点描画は,もちろん全体を見せるための手法をいうわけで,そのまま音楽に置き換えるとスティーブ・ライヒのミニマル音楽や新生King Crimsonの中心となる曲だろう。
しかし,点描画もライヒもKing Crimsonも,拡大して構成の妙を目的に作品が生み出されているわけではない。今回のアルバムが奇矯なのは,だから点描画的なアプローチで,ミュージックコンクレートやサンプリングと同等の面白さを盛り込むことが意図的に試みられているからだろう。

6曲目“しゃぼんがぼんぼん”。“日本海”と同じく,「なう」という歌詞が,オノマトペのように用いられているのが面白い。小説では昔からオノマトペを用いた文章が稚拙だとされることがあって,夢野久作やたぶん宮沢賢治も,辛辣に批評されたはず。
でも,「なう」に,「なう」にさえ,なにがしかの情感を封じ込められることは発見。

50歳からの赤い公園

会社帰りに立ち寄った近くの書店ではFMが流れている。聴こえてきたのは荒井由実の“晩夏(ひとりの季節)”。NHKの銀河テレビ小説がよかった時代を思い出す。DJも同じことを言う。

赤い公園のアレンジ,演奏のセンスが,目にしたインタビューに登場するバンド,歌手とどうしても結びつかない。あぶらだことかP-MODELとか,キャプテン・ビーフハートとか,そういう固有名詞が登場するのを期待しても一向に出てきはしない。先日も昌己と飲みながら「“ひつじ屋さん”の出だしはどう考えても“カルカドル”だよな」とか「ニューウェイヴを経過していないとは思えない」とか話したばかりだ。

新譜を聴いて,13曲目“お留守番”で,ようやく荒井由実っぽいなと感じた。エレクトロニカを交えた展開はまあ独壇場。

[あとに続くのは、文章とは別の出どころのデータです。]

(* Let $\Phi=\varphi\land\bigwedge RE\land\bigwedge DI$ be an $\mathcal{ALCQIO}_{b,Re}$-formula over $\tau$ with $RE=\{\mathit{Reach}(B_1,S_1,A_1),\dots,\mathit{Reach}(B_h,S_h,A_h)\}$. Let $1\le h'\le h$ and let $\mathcal{M}$ be a $\tau$-structure such that $\mathcal{M}\models\mathit{assoc}(\Phi)$, $\mathcal{M}$ is $\Phi$-semi-connected, and $\mathcal{M}$ has $\ell$-useful labelings $f_\ell$ for all $1\le\ell\le h$. If $\mathit{val}_{f_{h'}}(D^{\mathcal{M}}_{h'})>0$, then there is a tuple $\mathfrak{t}=(a_0,a_1,r)$ with $a_0,a_1\in M$ and $r\in\mathsf{N_F}$ such that: 1. $D^{\mathcal{M}}_\ell=D^{\mathcal{M}\rhd\mathfrak{t}}_\ell$ for all $\ell\ne h'$; 2. $\overline{tp}^{\varphi}_{\mathcal{M}}(u)=\overline{tp}^{\varphi}_{\mathcal{M}\rhd\mathfrak{t}}(u)$ for all $u\in M$; 3. $\mathcal{M}\rhd\mathfrak{t}\models\mathit{assoc}(\Phi)$; 4. $\mathit{val}_{f_{h'}}(D^{\mathcal{M}}_{h'})>\mathit{val}_{f_{h'}}(D^{\mathcal{M}\rhd\mathfrak{t}}_{h'})$; 5. $\mathit{val}_{f_\ell}(D^{\mathcal{M}}_\ell)=\mathit{val}_{f_\ell}(D^{\mathcal{M}\rhd\mathfrak{t}}_\ell)$ for all $\ell\ne h'$; 6. $\mathcal{M}\rhd\mathfrak{t}$ is $\Phi$-semi-connected; 7. $f_\ell$ is an $\ell$-useful labeling for $\mathcal{M}\rhd\mathfrak{t}$ for all $1\le\ell\le h$.
   Context: Structures are finite; $\tau$ has atomic concepts, atomic roles (a subset $\mathsf{N_F}$ functional, interpreted as partial functions) and nominals. $\mathcal{ALCQIO}_b$: concepts built from atomic concepts and nominals ($o$ denotes $\{o^{\mathcal{M}}\}$) using $\sqcap,\sqcup,\neg,\exists r.C,\exists^{\le n}r.C$ for roles $r$ atomic or inverse $r^-$; formulae are Boolean combinations of inclusions $C\sqsubseteq D$ and equalities $C\equiv D$; standard semantics. A reachability assertion $\mathit{Reach}(B,S,A)$ has atomic concepts $A,B$ and $S\subseteq\mathsf{N_F}$; $\mathit{Disj}(A_1,A_2)$ is $A_1\sqcap A_2\equiv\bot$. $RE,DI$ are compatible if for every two assertions $\mathit{Reach}(B_1,S_1,A_1),\mathit{Reach}(B_2,S_2,A_2)\in RE$ with $S_1\cap S_2\neq\emptyset$, $\mathit{Disj}(A_1,A_2)\in DI$. An $\mathcal{ALCQIO}_{b,Re}$-formula is $\Phi=\varphi\land\bigwedge RE\land\bigwedge DI$ with $\varphi\in\mathcal{ALCQIO}_b$, $RE,DI$ finite and compatible. $\mathit{assoc}(\Phi)=\varphi\land\bigwedge_{\mathit{Reach}(B,S,A)\in RE}(B\sqsubseteq A)\land\bigwedge DI$. $D^{\mathcal{M}}_{\ell}$ is the directed graph on vertex set $A_{\ell}^{\mathcal{M}}$ with edges $\bigcup_{s\in S_{\ell}}s^{\mathcal{M}}\cap(A_{\ell}^{\mathcal{M}}\times A_{\ell}^{\mathcal{M}})$. $\mathcal{M}$ is $\Phi$-semi-connected if $\mathcal{M}\models\mathit{assoc}(\Phi)$ and for every $\ell$ and $u\in A_{\ell}^{\mathcal{M}}$, $u$ is reachable in $D^{\mathcal{M}}_{\ell}$ from $B_{\ell}^{\mathcal{M}}$ or from a directed cycle of $D^{\mathcal{M}}_{\ell}$. Types: $\mathrm{Con}(\varphi)$ is the set of concepts occurring in $\varphi$ (including subconcepts), $\mathrm{TYPES}_\varphi$ its power set, $\overline{tp}^{\varphi}_{\mathcal{M}}(u)=\{C\in\mathrm{Con}(\varphi)\mid u\in C^{\mathcal{M}}\}$. An $\ell$-useful labeling for $\mathcal{M}$ is $f_\ell:A_{\ell}^{\mathcal{M}}\to[1,|\mathrm{TYPES}_\varphi|]$ such that (1) $f_\ell(u)=f_\ell(v)$ implies equal types, and (2) for every $u\in A_{\ell}^{\mathcal{M}}$, either $u\in B_{\ell}^{\mathcal{M}}$ or there are $v,w\in A_{\ell}^{\mathcal{M}}$ with $f_\ell(u)=f_\ell(v)$, $f_\ell(w)<f_\ell(v)$ and $(w,v)$ an edge of $D^{\mathcal{M}}_{\ell}$. A base for $D^{\mathcal{M}}_{\ell}$ is a set $X\subseteq A_{\ell}^{\mathcal{M}}$ from which all of $A_{\ell}^{\mathcal{M}}$ is reachable in $D^{\mathcal{M}}_{\ell}$; $\mathit{val}_f(X)=\sum_{x\in X\setminus B_{\ell}^{\mathcal{M}}}f(x)$ and $\mathit{val}_f(D^{\mathcal{M}}_{\ell})$ is the minimum of $\mathit{val}_f(X)$ over all bases $X$. The operation $\rhd$: for $\mathfrak{t}=(a_0,a_1,r)$, $\mathcal{M}\rhd\mathfrak{t}$ has the same universe and interpretations as $\mathcal{M}$ except $r^{\mathcal{M}\rhd\mathfrak{t}}=\big(r^{\mathcal{M}}\setminus\{(a_i,b)\mid (a_i,b)\in r^{\mathcal{M}},i\in\{0,1\}\}\big)\cup\{(a_{1-i},b)\mid (a_i,b)\in r^{\mathcal{M}},i\in\{0,1\}\}$. *)

From HB Require Import structures.
From mathcomp Require Import all_boot.

Set Implicit Arguments.
Unset Strict Implicit.
Unset Printing Implicit Defensive.

(* ---------- Syntax of ALCQIO_b over a signature tau ----------
   AC  : atomic concept names
   RN  : atomic role names (N_F : pred RN are the functional ones)
   NOM : nominals *)
Section Syntax.
Variables (AC RN NOM : eqType).

Inductive role := RAt of RN | RInv of RN.

Definition role_eqb (r s : role) : bool :=
  match r, s with
  | RAt a, RAt b => a == b
  | RInv a, RInv b => a == b
  | _, _ => false
  end.

Lemma role_eqP : Equality.axiom role_eqb.
Proof.
case=> [a|a] [b|b] /=; try by constructor.
- by apply: (iffP eqP) => [->|[]].
- by apply: (iffP eqP) => [->|[]].
Qed.

HB.instance Definition _ := hasDecEq.Build role role_eqP.

Inductive concept :=
  | CAt of AC
  | CNom of NOM
  | CNot of concept
  | CAnd of concept & concept
  | COr of concept & concept
  | CEx of role & concept
  | CAtMost of nat & role & concept.

Fixpoint concept_eqb (C D : concept) : bool :=
  match C, D with
  | CAt a, CAt b => a == b
  | CNom a, CNom b => a == b
  | CNot c, CNot d => concept_eqb c d
  | CAnd c1 c2, CAnd d1 d2 => concept_eqb c1 d1 && concept_eqb c2 d2
  | COr c1 c2, COr d1 d2 => concept_eqb c1 d1 && concept_eqb c2 d2
  | CEx r c, CEx s d => (r == s) && concept_eqb c d
  | CAtMost n r c, CAtMost m s d => [&& n == m, r == s & concept_eqb c d]
  | _, _ => false
  end.

Lemma concept_eqP : Equality.axiom concept_eqb.
Proof.
elim=> [a|a|c IH|c1 IH1 c2 IH2|c1 IH1 c2 IH2|r c IH|n r c IH]
       [b|b|d|d1 d2|d1 d2|s d|m s d] /=; try by constructor.
- by apply: (iffP eqP) => [->|[]].
- by apply: (iffP eqP) => [->|[]].
- by apply: (iffP (IH d)) => [->|[]].
- apply: (iffP andP) => [[/IH1 -> /IH2 ->]//|[<- <-]].
  by split; [apply/IH1|apply/IH2].
- apply: (iffP andP) => [[/IH1 -> /IH2 ->]//|[<- <-]].
  by split; [apply/IH1|apply/IH2].
- apply: (iffP andP) => [[/eqP -> /IH ->]//|[<- <-]].
  by split; [|apply/IH].
- apply: (iffP and3P) => [[/eqP -> /eqP -> /IH ->]//|[<- <- <-]].
  by split; [| |apply/IH].
Qed.

HB.instance Definition _ := hasDecEq.Build concept concept_eqP.

Inductive formula :=
  | FIncl of concept & concept
  | FEqv of concept & concept
  | FNot of formula
  | FAnd of formula & formula
  | FOr of formula & formula.

Fixpoint subconcepts (C : concept) : seq concept :=
  C :: match C with
       | CAt _ | CNom _ => [::]
       | CNot c => subconcepts c
       | CAnd c d | COr c d => subconcepts c ++ subconcepts d
       | CEx _ c | CAtMost _ _ c => subconcepts c
       end.

Fixpoint fconcepts (phi : formula) : seq concept :=
  match phi with
  | FIncl C D | FEqv C D => subconcepts C ++ subconcepts D
  | FNot p => fconcepts p
  | FAnd p q | FOr p q => fconcepts p ++ fconcepts q
  end.

Definition Con (phi : formula) : seq concept := undup (fconcepts phi).

(* |TYPES_phi| = |powerset of Con(phi)| *)
Definition nTYPES (phi : formula) : nat := 2 ^ size (Con phi).

Record reach := Reach { rB : AC; rS : seq RN; rA : AC }.

Definition reach_eqb (x y : reach) : bool :=
  [&& rB x == rB y, rS x == rS y & rA x == rA y].

Lemma reach_eqP : Equality.axiom reach_eqb.
Proof.
case=> [b s a] [b' s' a']; rewrite /reach_eqb /=.
by apply: (iffP and3P) => [[/eqP -> /eqP -> /eqP ->]|[-> -> ->]].
Qed.

HB.instance Definition _ := hasDecEq.Build reach reach_eqP.

(* Phi = phi /\ /\RE /\ /\DI is an ALCQIO_{b,Re}-formula:
   RE is a (duplicate-free listing of a) finite set of reachability
   assertions with S subset of N_F, DI a list of pairs (A1,A2) standing
   for Disj(A1,A2), and RE, DI compatible. *)
Definition compatible (RE : seq reach) (DI : seq (AC * AC)) : Prop :=
  forall i j : 'I_(size RE), i != j ->
    let r1 := tnth (in_tuple RE) i in
    let r2 := tnth (in_tuple RE) j in
    has (fun s => s \in rS r2) (rS r1) ->
    ((rA r1, rA r2) \in DI) || ((rA r2, rA r1) \in DI).

Definition wf_ALCQIObRe (NF : pred RN) (RE : seq reach) (DI : seq (AC * AC))
  : Prop :=
  [/\ uniq RE, all (fun rho => all NF (rS rho)) RE & compatible RE DI].

End Syntax.

Section Semantics.
Variables (AC RN NOM : eqType) (T : finType).

Record structure := Struct {
  cI : AC -> pred T;
  rI : RN -> rel T;
  oI : NOM -> T
}.

Definition functional_ok (NF : pred RN) (M : structure) : Prop :=
  forall r, NF r -> forall u v w, rI M r u v -> rI M r u w -> v = w.

Definition roleI (M : structure) (R : role RN) : rel T :=
  match R with
  | RAt r => rI M r
  | RInv r => fun u v => rI M r v u
  end.

Fixpoint sem (M : structure) (C : concept AC RN NOM) : pred T :=
  match C with
  | CAt A => cI M A
  | CNom o => pred1 (oI M o)
  | CNot c => fun u => ~~ sem M c u
  | CAnd c d => fun u => sem M c u && sem M d u
  | COr c d => fun u => sem M c u || sem M d u
  | CEx R c => fun u => [exists v, roleI M R u v && sem M c v]
  | CAtMost n R c => fun u => #|[set v | roleI M R u v && sem M c v]| <= n
  end.

Fixpoint fsat (M : structure) (phi : formula AC RN NOM) : bool :=
  match phi with
  | FIncl C D => [forall x, sem M C x ==> sem M D x]
  | FEqv C D => [forall x, sem M C x == sem M D x]
  | FNot p => ~~ fsat M p
  | FAnd p q => fsat M p && fsat M q
  | FOr p q => fsat M p || fsat M q
  end.

Definition tp (M : structure) (phi : formula AC RN NOM) (u : T)
  : seq (concept AC RN NOM) :=
  [seq C <- Con phi | sem M C u].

繰り返し聴いてしまうのはオーラスの“木”。思い出したのはSiouxsie And The Bansheesの“Love Out Me”なのだけど,“木”のほうが情報量が圧倒的に多いし,格好よさは数段上だ。

赤い公園の楽曲の多様さはビジュアル系の多様さだ,と感じたのはあながち間違いでないと思う。ラルク・アン・シエルをきちんと聴いたことはないけれど,シングル曲がかかったときに,おやっと引っかかるところが似ている。ラルク・アン・シエルはCDを買おうと思ったことは一度もないのだから,赤い公園には,さらに何かあるに違いない。